Example: Kimberly, an investor, sells (shorts) 100 shares of a stock at $100. The price falls, and the shares are covered at $90. Kimberly makes a profit of $1000 ($10 x 100). In this case, should the stock trade higher unexpectedly, Kimberly will need to buy back the shares at a premium, resulting in heavy losses.

This technique, however, carries high risks and may cause heavy losses. It can also be a costly process due to margin requirements, like margin trading.

Put Options

Some traders also engage in derivatives like Put Options, to tackle a bearish market. Put options is a contract that gives the owner the right, but not the obligation, to sell–or sell short–a specified amount of an underlying security at a pre-determined price within a specified time frame. This makes engaging in Put Options a straightforward strategy with low risk and high reward potential during a bearish market. However, the options contract must be utilized within the specified timeframe as when the stock declines below the put strike price (price of the derivative’s underlying security), the put value will increase. In vice versa, should the stock price stay above the strike rice, the put will expire with no value to it, and the trader will not be required to buy the asset.

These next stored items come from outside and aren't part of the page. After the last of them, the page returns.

(* Let $n\ge 2$ and let $\mathcal{C}(I,n)$ be the class of all vectors $\mathbf{X}=(X_1,\ldots,X_n)$ of independent $[0,1]$-valued random variables, with $U(\mathbf{X})=\max_i EX_i$ and $M(\mathbf{X})=E(\max_i X_i)$. Then for all $\mathbf{X}\in\mathcal{C}(I,n)$ with $U(\mathbf{X})>0$, $$M(\mathbf{X})/U(\mathbf{X})\le n,$$ and for all $\mathbf{X}\in\mathcal{C}(I,n)$, $$M(\mathbf{X})-U(\mathbf{X})\le n^{-1/(n-1)}-n^{-n/(n-1)}.$$ Moreover, equality in the latter inequality is attained by $\mathbf{Z}=(Z_1,\ldots,Z_n)$ with $Z_i$ iid Bernoulli random variables satisfying $P(Z_i=1)=1-n^{-1/(n-1)}$ (so that $U(\mathbf{Z})=1-n^{-1/(n-1)}$). *)

From HB Require Import structures.
From mathcomp Require Import all_boot all_order all_algebra.
From mathcomp Require Import all_classical all_reals all_analysis.
Set Implicit Arguments. Unset Strict Implicit. Unset Printing Implicit Defensive.
Import Order.TTheory GRing.Theory Num.Theory.
Local Open Scope classical_set_scope.
Local Open Scope ring_scope.

Definition mutually_independent d (T : measurableType d) (R : realType)
  (P : probability T R) (n : nat) (X : 'I_n -> T -> R) : Prop :=
  forall (J : {set 'I_n}) (B : 'I_n -> set R),
    (forall i, measurable (B i)) ->
    P [set x | forall i, i \in J -> B i (X i x)] =
    (\prod_(i in J) P (X i @^-1` B i))%E.

(* U(X) = max_i E X_i  (real-valued; expectations are finite for bounded X) *)
Definition Umax d (T : measurableType d) (R : realType)
  (P : probability T R) (n : nat) (X : 'I_n -> T -> R) : R :=
  \big[Num.max/0]_(i < n) fine ('E_P[X i]).

Definition Mmax d (T : measurableType d) (R : realType)
  (P : probability T R) (n : nat) (X : 'I_n -> T -> R) : R :=
  fine ('E_P[fun x => \big[Num.max/0]_(i < n) X i x]).

(* Pointwise, max_i X_i <= 1 - prod_i (1 - X_i).  For independent X_i the
   expectation of the product is prod_i (1 - E X_i) >= (1 - U)^n; lacking a
   product rule for expectations, we round each X_i up to a grid of mesh 1/K,
   where independence of the events {X_i in cell} applies directly, and let
   K grow.  This gives M - U <= (1 - U) - (1 - U)^n + 1/K, and since the tangent
   to s |-> s^n at q = n^(-1/(n-1)) has slope 1, s - s^n <= q - q^n for s >= 0.
   For iid Bernoulli variables max_i Z_i is 1 minus the indicator that all Z_i
   vanish, which makes the bound an equality.  The ratio bound is max <= sum. *)

From HB Require Import structures.
From mathcomp Require Import all_boot all_order all_algebra.
From mathcomp Require Import all_classical all_reals all_analysis.
From mathcomp Require Import ring lra measurable_realfun.
Import Order.TTheory GRing.Theory Num.Theory.
Local Open Scope classical_set_scope.
Local Open Scope ring_scope.
Set Implicit Arguments. Unset Strict Implicit.

Section real_expectation.
Context d (T : measurableType d) (R : realType) (P : probability T R).

Definition rexpect (g : T -> R) : R := fine 'E_P[g].

Lemma Lfun1_bounded (g : T -> R) (C : R) :
  measurable_fun setT g -> (forall x, `|g x| <= C) -> g \in Lfun P 1.
Proof.
move=> mg gC; apply/Lfun1_integrable/measurable_bounded_integrable => //.
  exact: le_lt_trans (probability_le1 P measurableT) (ltry _).
exists C; split; first by rewrite (@ger0_real _ C)// (le_trans _ (gC point)).
by move=> y Cy x _ /=; exact: le_trans (gC x) (ltW Cy).
Qed.

Lemma Lfun1_indic (A : set T) : measurable A -> (\1_A : T -> R) \in Lfun P 1.
Proof.
move=> mA; apply: (@Lfun1_bounded _ 1); first exact: measurable_indic.
by move=> x; rewrite indicE; case: (x \in A); rewrite ?normr1 ?normr0.
Qed.

Lemma Lfun1_add (g h : T -> R) : g \in Lfun P 1 -> h \in Lfun P 1 ->
  (fun x => g x + h x) \in Lfun P 1.
Proof. exact: rpredD. Qed.

Lemma Lfun1_scale (g : T -> R) (k : R) : g \in Lfun P 1 ->
  (fun x => k * g x) \in Lfun P 1.
Proof. by move=> gL; rewrite -[X in X \in _]/(k *: g); exact: rpredZ. Qed.

Lemma Lfun1_sum (I : finType) (g : I -> T -> R) :
  (forall i, g i \in Lfun P 1) -> (fun x => \sum_i g i x) \in Lfun P 1.
Proof. by move=> gL; rewrite -fct_sumE; apply: rpred_sum => i _; exact: gL. Qed.

Lemma rexpectD (g h : T -> R) : g \in Lfun P 1 -> h \in Lfun P 1 ->
  rexpect (fun x => g x + h x) = rexpect g + rexpect h.
Proof.
move=> gL hL; rewrite /rexpect (expectationD gL hL) fineD//;
  exact: expectation_fin_num.
Qed.
(* Let $p\colon X\to B$ be a Boolean set. Then the map $\alpha\colon X\to X^{\ast\ast}$, $a\mapsto L(a)=\{G\in X^{\ast}: a\in G\}$, together with $\overline{\alpha}\colon B\to B^{\ast\ast}$, $b\mapsto M(b)=\{F\in B^{\ast}: b\in F\}$, is an isomorphism of Boolean sets from $p\colon X\to B$ onto the Boolean set $X^{\ast\ast}\to B^{\ast\ast}$ of compact-open local sections of the dual étalé space $\widetilde p\colon X^{\ast}\to B^{\ast}$.
   Context: Convention: a ''Boolean algebra'' means a generalized Boolean algebra (relatively complemented distributive lattice with $0$). Boolean set: a presheaf of sets $p\colon X\to B$ over a Boolean algebra $B$ (pairwise disjoint $X_e$, restriction maps $x\mapsto x|^e_f$ for $e\ge f$, $|^e_e=\mathrm{id}$, $(x|^e_f)|^f_g=x|^e_g$) with all $X_e\ne\emptyset$, such that under the order $x\le y$ iff $p(x)\le p(y)$ and $x=y|^{p(y)}_{p(x)}$ there is a least element $0$, compatible pairs ($x\wedge y$ exists and $p(x\wedge y)=p(x)\wedge p(y)$) have joins, and $p(x)=0\Rightarrow x=0$. Morphism of Boolean sets: $\varphi$ with Boolean algebra morphism $\overline{\varphi}$, $q\varphi=\overline{\varphi}p$, $\varphi(x|^a_b)=\varphi(x)|^{\overline{\varphi}(a)}_{\overline{\varphi}(b)}$; isomorphism: invertible morphism. Dual étalé space: $X^{\ast}$ = ultrafilters of $(X,\le)$ (maximal proper non-empty down-directed upward-closed subsets) with basis $L(a)$; $B^{\ast}$ = ultrafilters of $B$ with basis $M(b)$; $\widetilde p(G)=p(G)$. For an étalé space $(E,r,Z)$ (surjective local homeomorphism, $Z$ Boolean space), its dual Boolean set is $E^{\ast}\to Z^{\ast}$ where $Z^{\ast}$ is the Boolean algebra of compact-open subsets of $Z$, $E^{\ast}$ the compact-open local sections (open sets on which $r$ is injective), $C\mapsto r(C)$, with restriction $C|^A_{A'}=C\cap r^{-1}(A')$. Here $X^{\ast\ast}$, $B^{\ast\ast}$ denote this construction applied to $\widetilde p\colon X^{\ast}\to B^{\ast}$. *)

From HB Require Import structures.
From mathcomp Require Import all_boot all_order.
From mathcomp Require Import boolp classical_sets.
From Stdlib Require List.
Set Implicit Arguments. Unset Strict Implicit. Unset Printing Implicit Defensive.
Local Open Scope classical_set_scope.
(* Rayleigh-quotient bound: for a real symmetric matrix with least
   eigenvalue lam, lam * y^T y <= y^T A y.  We pass to R[i], where the
   spectral theorem diagonalises A by a unitary matrix. *)
Section RayleighBound.
Variables (R : rcfType) (n : nat) (A : 'M[R]_n) (lam : R).
Hypotheses (A_sym : A^T = A) (lam_min : forall mu, eigenvalue A mu -> lam <= mu).

Let Ac : 'M[R[i]]_n := map_mx (real_complex R) A.

Lemma complexified_hermitian : Ac \is hermsymmx.
Proof.
have Ac_real : Ac \is a mxOver Num.real.
  by apply/mxOverP => i j; rewrite mxE /= complex_real.
apply: realsym_hermsym Ac_real; apply/is_hermitianmxP; rewrite expr0 scale1r.
by apply/matrixP => i j; rewrite !mxE /=; congr (_%:C)%C; rewrite -[in RHS]A_sym mxE.
Qed.

(* A real eigenvalue of Ac is a root of the characteristic polynomial of A,
   hence an eigenvalue of A, hence at least lam. *)
Lemma complexified_eigenvalue_ge z :
  z \is Num.real -> eigenvalue Ac z -> lam%:C%C <= z.
Proof.
move=> z_real; rewrite -(RRe_real z_real) lecR eigenvalue_root_char => root_z.
apply: lam_min; rewrite eigenvalue_root_char -(fmorph_root (real_complex R)).
by rewrite map_char_poly.
Qed.

Lemma rayleigh_lower_bound (y : 'cV[R]_n) :
  lam * (y^T *m y) 0 0 <= (y^T *m A *m y) 0 0.
Proof.
have /orthomx_spectralP := hermitian_normalmx complexified_hermitian.
set P := spectralmx Ac; set d := spectral_diag Ac => Ac_diag.
have P_unitary : P \is unitarymx := spectral_unitarymx Ac.
rewrite (invmx_unitary P_unitary) in Ac_diag.
have PPt : P *m map_mx conjC (P^T) = 1%:M by apply/unitarymxP.
have PtP : map_mx conjC (P^T) *m P = 1%:M by apply: mulmx1C.
(* the diagonal entries are eigenvalues of Ac, with eigenvectors e_i P *)
have d_ge i : lam%:C%C <= d 0 i.
  apply: complexified_eigenvalue_ge.
    exact: mxOverP (hermitian_spectral_diag_real complexified_hermitian) 0 i.
  apply/eigenvalueP; exists ('e_i *m P).
    rewrite Ac_diag !mulmxA -(mulmxA _ P) PPt mulmx1 -[_ *m diag_mx d]rowE row_diag_mx.
    by rewrite scalemxAl.
  apply/eqP => eiP0.
  move: (congr1 (mulmx^~ (map_mx conjC (P^T))) eiP0) => /=.
  rewrite mul0mx -mulmxA PPt mulmx1 => /matrixP /(_ 0 i); rewrite !mxE !eqxx /=.
  by move/eqP; rewrite oner_eq0.
pose yc := map_mx (real_complex R) y.
have yc_real : map_mx conjC yc = yc.
  by apply: realmxC; apply/mxOverP => i j; rewrite mxE /= complex_real.
pose z := P *m yc.
have yc_P : yc^T *m map_mx conjC (P^T) = map_mx conjC (z^T).
  by rewrite /z trmx_mul map_mxM -[map_mx conjC yc^T]map_trmx yc_real.
have quadA : ((y^T *m A *m y) 0 0)%:C%C = (map_mx conjC (z^T) *m diag_mx d *m z) 0 0.
  have -> : map_mx conjC (z^T) *m diag_mx d *m z = yc^T *m Ac *m yc.
    by rewrite Ac_diag -yc_P /z !mulmxA.
  by rewrite /yc /Ac map_trmx -!map_mxM [RHS]mxE.
have quadI : ((y^T *m y) 0 0)%:C%C = (map_mx conjC (z^T) *m z) 0 0.
  have -> : map_mx conjC (z^T) *m z = yc^T *m yc.
    by rewrite -yc_P /z -mulmxA (mulmxA _ P) PtP mul1mx.
  by rewrite /yc map_trmx -map_mxM [RHS]mxE.
rewrite -lecR rmorphM /= quadA quadI !mxE mulr_sumr; apply: ler_sum => j _.
rewrite mul_mx_diag !mxE [conjC _ * d 0 j]mulrC -mulrA [conjC _ * _]mulrC.
by apply: ler_wpM2r; [apply: mul_conjC_ge0 | apply: d_ge].
Qed.

End RayleighBound.

Lemma compl_graph_sym (T : finType) (e : rel T) :
  symmetric e -> symmetric (compl_graph e).
Proof. by move=> e_sym x y; rewrite /compl_graph /= eq_sym e_sym. Qed.

Lemma adj_mx_sym (R : pzRingType) n (e : rel 'I_n) :
  symmetric e -> (adj_mx R e)^T = adj_mx R e.
Proof. by move=> e_sym; apply/matrixP => i j; rewrite !mxE e_sym. Qed.

Lemma sum_support3 (V : nmodType) (I : finType) (f : I -> V) a b c :
  a != b -> a != c -> b != c ->
  (forall q, q != a -> q != b -> q != c -> f q = 0) ->
  \sum_q f q = f a + f b + f c.
Proof.
move=> ab ac bc f_supp.
rewrite (bigD1 a) //= (bigD1 b) /=; last by rewrite eq_sym ab.
rewrite (bigD1 c) /=; last by rewrite eq_sym ac eq_sym bc.
rewrite big1 ?addr0 ?addrA // => q /andP[/andP[qa qb] qc].
exact: f_supp.
Qed.

Lemma quad_form_support3 (R : comPzRingType) n (M : 'M[R]_n) (y : 'cV[R]_n) i j k :
  i != j -> i != k -> j != k ->
  (forall q, q != i -> q != j -> q != k -> y q 0 = 0) ->
  (y^T *m M *m y) 0 0
    = \sum_(q <- [:: i; j; k]) \sum_(p <- [:: i; j; k]) y p 0 * M p q * y q 0.
Proof.
move=> ij ik jk y_supp.
have restrict (F : 'I_n -> R) : (forall q, y q 0 = 0 -> F q = 0) ->
    \sum_q F q = \sum_(q <- [:: i; j; k]) F q.
  move=> F0; rewrite (sum_support3 ij ik jk) => [|q qi qj qk]; last by rewrite F0 ?y_supp.
  by rewrite !big_cons big_nil addr0 addrA.
rewrite mxE restrict => [|q yq0]; last by rewrite yq0 mulr0.
apply: eq_bigr => q _; rewrite mxE restrict => [|p yp0]; last by rewrite !mxE yp0 !mul0r.
by rewrite mulr_suml; apply: eq_bigr => p _; rewrite mxE.
Qed.

(* An eigenvector of an entrywise nonnegative matrix for a negative
   eigenvalue has a positive entry: were all entries <= 0, a negative
   entry Y_p would give 0 >= (M Y)_p = lam Y_p > 0. *)
Lemma nonneg_mx_eigenvector_pos (R : realDomainType) n (M : 'M[R]_n) lam (Y : 'cV[R]_n) :
  (forall i j, 0 <= M i j) -> lam < 0 -> Y != 0 -> M *m Y = lam *: Y ->
  exists v, 0 < Y v 0.
Proof.
move=> M_ge0 lam_lt0 Y_neq0 Y_eigen.
have [v v_pos|no_pos] := pickP (fun v => 0 < Y v 0); first by exists v.
case/eqP: Y_neq0; apply/matrixP => p j; rewrite ord1 mxE.
have Yp_le0 : Y p 0 <= 0 by rewrite leNgt no_pos.
have : (M *m Y) p 0 <= 0.
  by rewrite mxE; apply: sumr_le0 => q _; rewrite mulr_ge0_le0 // leNgt no_pos.
by rewrite Y_eigen mxE => ?; apply/eqP; rewrite eq_le Yp_le0 /=; nra.
Qed.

Example: A stock is trading at $45 per share. Harry, a trader buys a Put Option contract when its underlying security price is below the strike price, at $40 for 5 stock shares at a cost of $200 (Otherwise $225 at underlying security price). Harry will profit when the stock trades below $40 before contract expiration.

Prospective traders and investors may join DigiFinex Derivatives’ telegram group to get daily long and short signals by top industry analysts.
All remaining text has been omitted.